Criterion’s edition comes in a two-disk set with hours of extras, beginning on the first disk with a commentary by restoration supervisor Lino Meireles, who ranges from the place of the film and Rocha in Brazilian cinema (he considers it the true beginning of Cinema Novo, previous films having borrowed their style and aesthetics from foreign models) to the meaning of individual visual details and the process of restoration. There’s an interview with film scholar Richard Peña (22:25), who talks about Rocha and the politics of Cinema Novo. Also on the first disk is Memoria do cangaço (29:00), a documentary from 1964 about the outlaws who arose in Brazil’s backcountry in response to harsh economic conditions.
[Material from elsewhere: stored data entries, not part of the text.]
(* Let $(\mathfrak{n},J,\langle\cdot,\cdot\rangle)$ be a Hermitian real nilpotent Lie algebra with $\dim\mathfrak{n}=2d$ and $\dim[\mathfrak{n},\mathfrak{n}]=1$. Then $\langle\cdot,\cdot\rangle$ is pluriclosed if and only if $\mathfrak{n}$ is isomorphic to $\mathbb{R}^{2d-3}\oplus\mathfrak{h}_3$.
   Context: $\mathfrak{h}_{2m+1}$ is the Heisenberg Lie algebra with basis $x_1,\dots,x_m,y_1,\dots,y_m,z$ and nonzero brackets $[x_i,y_i]=-[y_i,x_i]=z$; $\mathbb{R}^k$ denotes the $k$-dimensional abelian Lie algebra. A complex structure is a linear map $J$ with $J^2=-I$ and $[x,y]+J([Jx,y]+[x,Jy])-[Jx,Jy]=0$ for all $x,y$; $\langle\cdot,\cdot\rangle$ is Hermitian if $\langle Jx,Jy\rangle=\langle x,y\rangle$. Torsion 3-form: $c(x,y,z)=-\langle[Jx,Jy],z\rangle-\langle[Jy,Jz],x\rangle-\langle[Jz,Jx],y\rangle$; $\langle\cdot,\cdot\rangle$ is pluriclosed if $dc=0$ for the Chevalley–Eilenberg differential $d$. *)

From HB Require Import structures.
From mathcomp Require Import all_boot all_order all_algebra.
From mathcomp Require Import reals.
Set Implicit Arguments. Unset Strict Implicit. Unset Printing Implicit Defensive.
Import Order.TTheory GRing.Theory Num.Theory.
Local Open Scope ring_scope.

Section Defs.
Variable R : realType.

Definition is_lie_bracket (n : nat) (br : 'rV[R]_n -> 'rV[R]_n -> 'rV[R]_n) : Prop :=
  [/\ (forall (a : R) x y z, br (a *: x + y) z = a *: br x z + br y z),
      (forall (a : R) x y z, br x (a *: y + z) = a *: br x y + br x z),
      (forall x y, br x y = - br y x) &
      (forall x y z, br x (br y z) + br y (br z x) + br z (br x y) = 0)].

(* lcs_elt br k xs = [x_k,[x_{k-1},[...,[x_1,x_0]]]]; these span C^{k+1} *)
Fixpoint lcs_elt (n : nat) (br : 'rV[R]_n -> 'rV[R]_n -> 'rV[R]_n)
    (k : nat) (xs : nat -> 'rV[R]_n) : 'rV[R]_n :=
  match k with
  | 0 => xs 0%N
  | k'.+1 => br (xs k) (lcs_elt br k' xs)
  end.

Definition is_nilpotent (n : nat) (br : 'rV[R]_n -> 'rV[R]_n -> 'rV[R]_n) : Prop :=
  exists k : nat, forall xs : nat -> 'rV[R]_n, lcs_elt br k xs = 0.

Definition derived_dim_one (n : nat) (br : 'rV[R]_n -> 'rV[R]_n -> 'rV[R]_n) : Prop :=
  exists z : 'rV[R]_n, z != 0 /\
    (forall x y, exists a : R, br x y = a *: z) /\
    (exists x y, br x y = z).

(* integrable complex structure; J acts on row vectors by x |-> x *m J *)
Definition is_complex_structure (n : nat) (br : 'rV[R]_n -> 'rV[R]_n -> 'rV[R]_n)
    (J : 'M[R]_n) : Prop :=
  J *m J = - 1%:M /\
  forall x y, br x y + (br (x *m J) y + br x (y *m J)) *m J - br (x *m J) (y *m J) = 0.

Definition is_inner_product (n : nat) (ip : 'rV[R]_n -> 'rV[R]_n -> R) : Prop :=
  [/\ (forall (a : R) x y z, ip (a *: x + y) z = a * ip x z + ip y z),
      (forall x y, ip x y = ip y x) &
      (forall x, x != 0 -> 0 < ip x x)].

Definition is_hermitian (n : nat) (J : 'M[R]_n) (ip : 'rV[R]_n -> 'rV[R]_n -> R) : Prop :=
  forall x y, ip (x *m J) (y *m J) = ip x y.

Definition torsion (n : nat) (br : 'rV[R]_n -> 'rV[R]_n -> 'rV[R]_n) (J : 'M[R]_n)
    (ip : 'rV[R]_n -> 'rV[R]_n -> R) (x y z : 'rV[R]_n) : R :=
  - ip (br (x *m J) (y *m J)) z - ip (br (y *m J) (z *m J)) x
  - ip (br (z *m J) (x *m J)) y.

(* Chevalley--Eilenberg differential of a 3-form:
   dc(x0,x1,x2,x3) = sum_{i<j} (-1)^(i+j) c([xi,xj], ...) *)
Definition CE_d3 (n : nat) (br : 'rV[R]_n -> 'rV[R]_n -> 'rV[R]_n)
    (c : 'rV[R]_n -> 'rV[R]_n -> 'rV[R]_n -> R) (x0 x1 x2 x3 : 'rV[R]_n) : R :=
  - c (br x0 x1) x2 x3 + c (br x0 x2) x1 x3 - c (br x0 x3) x1 x2
  - c (br x1 x2) x0 x3 + c (br x1 x3) x0 x2 - c (br x2 x3) x0 x1.

Definition is_pluriclosed (n : nat) (br : 'rV[R]_n -> 'rV[R]_n -> 'rV[R]_n)
    (J : 'M[R]_n) (ip : 'rV[R]_n -> 'rV[R]_n -> R) : Prop :=
  forall x0 x1 x2 x3, CE_d3 br (torsion br J ip) x0 x1 x2 x3 = 0.

Definition lie_isomorphic (m n : nat)
    (br1 : 'rV[R]_m -> 'rV[R]_m -> 'rV[R]_m)
    (br2 : 'rV[R]_n -> 'rV[R]_n -> 'rV[R]_n) : Prop :=
  exists f : 'rV[R]_m -> 'rV[R]_n,
    [/\ (forall (a : R) x y, f (a *: x + y) = a *: f x + f y),
        bijective f &
        (forall x y, f (br1 x y) = br2 (f x) (f y))].

(* R^k (+) h_3 on 'rV_(k+3): basis x = e_0, y = e_1, z = e_2 of h_3,
   e_3..e_(k+2) abelian; only nonzero bracket [x,y] = -[y,x] = z *)
Definition abelian_plus_h3_bracket (k : nat) (u v : 'rV[R]_(k.+3)) : 'rV[R]_(k.+3) :=
  (u 0 (inord 0) * v 0 (inord 1) - u 0 (inord 1) * v 0 (inord 0))
    *: delta_mx 0 (inord 2).

End Defs.

From mathcomp Require Import all_boot all_order all_algebra.
From mathcomp Require Import reals ring lra.
Set Implicit Arguments. Unset Strict Implicit. Unset Printing Implicit Defensive.
Import Order.TTheory GRing.Theory Num.Theory.
Local Open Scope ring_scope.

(* Since [n, n] = R z, the bracket is [a, b] = w(a, b) z for a skew form w.
   Nilpotency makes z central (ad_a multiplies z by w(a, z)), and integrability
   of J makes w J-invariant.  The torsion then collapses, and dc(x0, x1, x2, x3)
   is 2 |z|^2 times the Plücker expression of w, so the metric is pluriclosed
   exactly when w = alpha /\ beta has rank two.  Rank two is in turn exactly
   R^(2d-3) (+) h_3: with w(x, y) = 1, the functionals w(., y), w(x, .) and a
   z-coordinate extend to a basis of the dual whose remaining members kill z,
   and in the dual coordinates [e_0, e_1] = e_2 is the only bracket. *)

Section LinearFunctionals.
Variable F : fieldType.

Definition lin_functional n (phi : 'rV[F]_n -> F) :=
  forall a u v, phi (a *: u + v) = a * phi u + phi v.

Lemma lin_functional_sum_delta n (phi : 'rV[F]_n -> F) : lin_functional phi ->
  forall u, phi u = \sum_j u 0 j * phi (delta_mx 0 j).
Proof.
move=> phiL u; have phi0 : phi 0 = 0.
  by have := phiL 1 0 0; rewrite scale1r addr0 mul1r -{1}[phi 0]addr0 => /addrI/esym.
rewrite {1}(row_sum_delta u); elim/big_rec2: _ => // j s t _ <-.
by rewrite phiL.
Qed.

Definition functional_mx m n (phi : 'I_m -> 'rV[F]_n -> F) : 'M_(m, n) :=
  \matrix_(i, j) phi i (delta_mx 0 j).

Lemma mul_tr_functional_mx m n (phi : 'I_m -> 'rV[F]_n -> F) u :
  (forall i, lin_functional (phi i)) -> u *m (functional_mx phi)^T = \row_i phi i u.
Proof.
move=> phiL; apply/rowP=> i; rewrite !mxE (lin_functional_sum_delta (phiL i)).
by apply: eq_bigr => j _; rewrite !mxE.
Qed.

Lemma row_free_functional_mx m n (phi : 'I_m -> 'rV[F]_n -> F) (us : 'I_m -> 'rV[F]_n) :
  (forall i, lin_functional (phi i)) ->
  (forall i j : 'I_m, (i < j)%N -> phi i (us j) = 0) -> (forall i, phi i (us i) != 0) ->
  row_free (functional_mx phi).
Proof.
move=> phiL trig diag; pose P := functional_mx phi *m (\matrix_j us j)^T.
have PE i j : P i j = phi i (us j).
  rewrite !mxE (lin_functional_sum_delta (phiL i)).
  by apply: eq_bigr => l _; rewrite !mxE mulrC.
have : P \in unitmx.
  rewrite unitmxE det_trig; last by apply/is_trig_mxP => i j ij; rewrite PE trig.
  by rewrite unitfE; apply/prodf_neq0 => i _; rewrite PE.
rewrite -row_free_unit /row_free => /eqP rkP.
by rewrite eqn_leq rank_leq_row -{1}rkP mxrankM_maxl.
Qed.

Lemma col_mx_completion m k (A : 'M[F]_(m, m + k)) :
  row_free A -> exists B : 'M_(k, m + k), col_mx A B \in unitmx.
Proof.
move=> freeA; pose U : 'M[F]_(m, m + k) := row_mx 1%:M 0.
have UA : U *m col_mx A 0 = A by rewrite mul_row_col mul1mx mul0mx addr0.
have [|g g_unit Ug] := @complete_unitmx F m (m + k) U (col_mx A 0).
  by rewrite UA (eqP freeA) /U -pid_mx_row rank_pid_mx ?leq_addr.
exists (dsubmx g).
have -> : A = usubmx g by rewrite -UA Ug -[g in U *m g]vsubmxK mul_row_col mul1mx mul0mx addr0.
by rewrite vsubmxK.
Qed.

Lemma col_mx_completion_vanishing m k (A : 'M[F]_(m, m + k)) (z : 'rV_(m + k)) i :
  row_free A -> (z *m A^T) 0 i = 1 ->
  exists2 B : 'M_(k, m + k), col_mx A B \in unitmx & B *m z^T = 0.
Proof.
move=> freeA zAi; have [B0 B0_unit] := col_mx_completion freeA.
pose c := B0 *m z^T; exists (B0 - c *m row i A).
  have -> : col_mx A (B0 - c *m row i A) =
            block_mx 1%:M 0 (- c *m delta_mx 0 i) 1%:M *m col_mx A B0.
    by rewrite mul_block_col !mul1mx mul0mx addr0 mulNmx rowE [c *m _]mulmxA addrC mulNmx.
  by rewrite (@unitmx_mul F) B0_unit unitmxE det_lblock !det1 mulr1 unitr1.
rewrite mulmxBl -mulmxA; have -> : row i A *m z^T = 1%:M.
  by apply/rowP => j; rewrite ord1 -zAi !mxE; apply: eq_bigr => l _; rewrite !mxE mulrC.
by rewrite mulmx1 subrr.
Qed.

End LinearFunctionals.

Definition plucker_form (R : pzRingType) (T : Type) (w : T -> T -> R) a b c e : R :=
  w a b * w c e - w a c * w b e + w a e * w b c.

Definition plucker (R : pzRingType) (T : Type) (w : T -> T -> R) : Prop :=
  forall a b c e, plucker_form w a b c e = 0.

Section BracketForm.
Variables (R : realType) (n : nat) (br : 'rV[R]_n -> 'rV[R]_n -> 'rV[R]_n)
  (w : 'rV[R]_n -> 'rV[R]_n -> R) (z : 'rV[R]_n).
Hypothesis brE : forall a b, br a b = w a b *: z.
Hypothesis wDl : forall c a b e, w (c *: a + b) e = c * w a e + w b e.
Hypothesis wN : forall a b, w a b = - w b a.

Lemma w0l a : w 0 a = 0.
Proof.
by have := wDl 1 0 0 a; rewrite scale1r addr0 mul1r -{1}[w 0 a]addr0 => /addrI/esym.
Qed.

Lemma wZl c a b : w (c *: a) b = c * w a b.
Proof. by rewrite -[c *: a]addr0 wDl w0l addr0. Qed.

Lemma wZr c a b : w a (c *: b) = c * w a b.
Proof. by rewrite wN wZl wN mulrN opprK. Qed.

Lemma wDr c a b e : w e (c *: a + b) = c * w e a + w e b.
Proof. by rewrite wN wDl (wN a) (wN b) mulrN opprD !opprK. Qed.

Lemma w_alt a : w a a = 0.
Proof. by apply/eqP; rewrite -[_ == 0](mulrn_eq0 _ 2) mulr2n {1}wN addNr. Qed.

Lemma nilpotent_form_central : z != 0 -> is_nilpotent br -> forall a, w a z = 0.
Proof.
move=> z0 [k nilk] a; pose xs i := if i is 0 then z else a.
have lcsE m : lcs_elt br m xs = w a z ^+ m *: z.
  elim: m => [|m IHm] /=; first by rewrite expr0 scale1r.
  by rewrite brE IHm wZr exprSr mulrC.
have := nilk xs; rewrite lcsE => /eqP; rewrite scaler_eq0 (negbTE z0) orbF.
by rewrite expf_eq0 => /andP[_ /eqP].
Qed.

(* Integrability says [(A - C) z = - B zJ] with A = w(a,b), B = w(Ja,b) + w(a,Jb),
   C = w(Ja,Jb); applying J once more gives ((A - C)^2 + B^2) z = 0. *)
Lemma complex_structure_form_invariant J : z != 0 -> is_complex_structure br J ->
  forall a b, w (a *m J) (b *m J) = w a b.
Proof.
move=> z0 [J2 integrable] a b; have := integrable a b.
rewrite !brE -scalerDl -scalemxAl.
set A := w a b; set B := w (a *m J) b + w a (b *m J); set C := w (a *m J) (b *m J).
move=> intE.
have e1 : (A - C) *: z + B *: (z *m J) = 0 by rewrite -intE scalerBl addrAC.
have e2 : (A - C) *: (z *m J) - B *: z = 0.
  have := congr1 (mulmx^~ J) e1.
  by rewrite mulmxDl -!scalemxAl -mulmxA J2 mulmxN mulmx1 mul0mx scalerN.
have : ((A - C) ^+ 2 + B ^+ 2) *: z = 0.
  have := congr1 (fun r => (A - C) *: r) e1; have := congr1 (fun r => B *: r) e2.
  rewrite !scalerDr !scalerN !scalerA !scaler0 => h2 h1.
  rewrite -[RHS](subr0 0) -[X in _ = X - _]h1 -[X in _ = _ - X]h2.
  by apply/rowP => i; rewrite !mxE; ring.
move/eqP; rewrite scaler_eq0 (negbTE z0) orbF => /eqP sq0.
by apply/eqP; rewrite -subr_eq0; apply/eqP; nra.
Qed.

Section Pluriclosed.
Variables (J : 'M[R]_n) (ip : 'rV[R]_n -> 'rV[R]_n -> R).
Hypothesis wz : forall a, w a z = 0.
Hypothesis wJ : forall a b, w (a *m J) (b *m J) = w a b.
It’s startling to discover how recently they operated as former cangaceiros are interviewed along with those who hunted them, racking up so many kills that they had lost count.
The second disk contains two feature-length documentaries. I confess I found both stylistically irritating, but they contain a lot of contextual information which illuminates the importance of Black God, White Devil in both Brazilian and world cinema. Silvio Tendler’s Glauber the Movie, Labyrinth of Brazil (2003, 1:37:54) revolves around Rocha’s death and funeral, with friends, colleagues and collaborators speaking about his personality and the meaning of his work, along with archival material of Rocha presenting his ideas and working on various projects.
Cinema Novo (2016, 1:32:27) by Eryk Rocha, the filmmaker’s son, presents a broader picture of the movement in which his father played a key role, featuring new and archival interviews with other important participants.
These two documentaries and the commentary have been ported over from the UK release by a new company called Mawu Films.
There’s also a restoration trailer and a booklet essay by film scholar Fabio Andrade.
The Blu-ray release of Black God, White Devil makes full use of the format not only to make available an important film but also to provide the historical and critical context which illuminates just why it’s important. This is one of Criterion’s most substantial releases so far this year.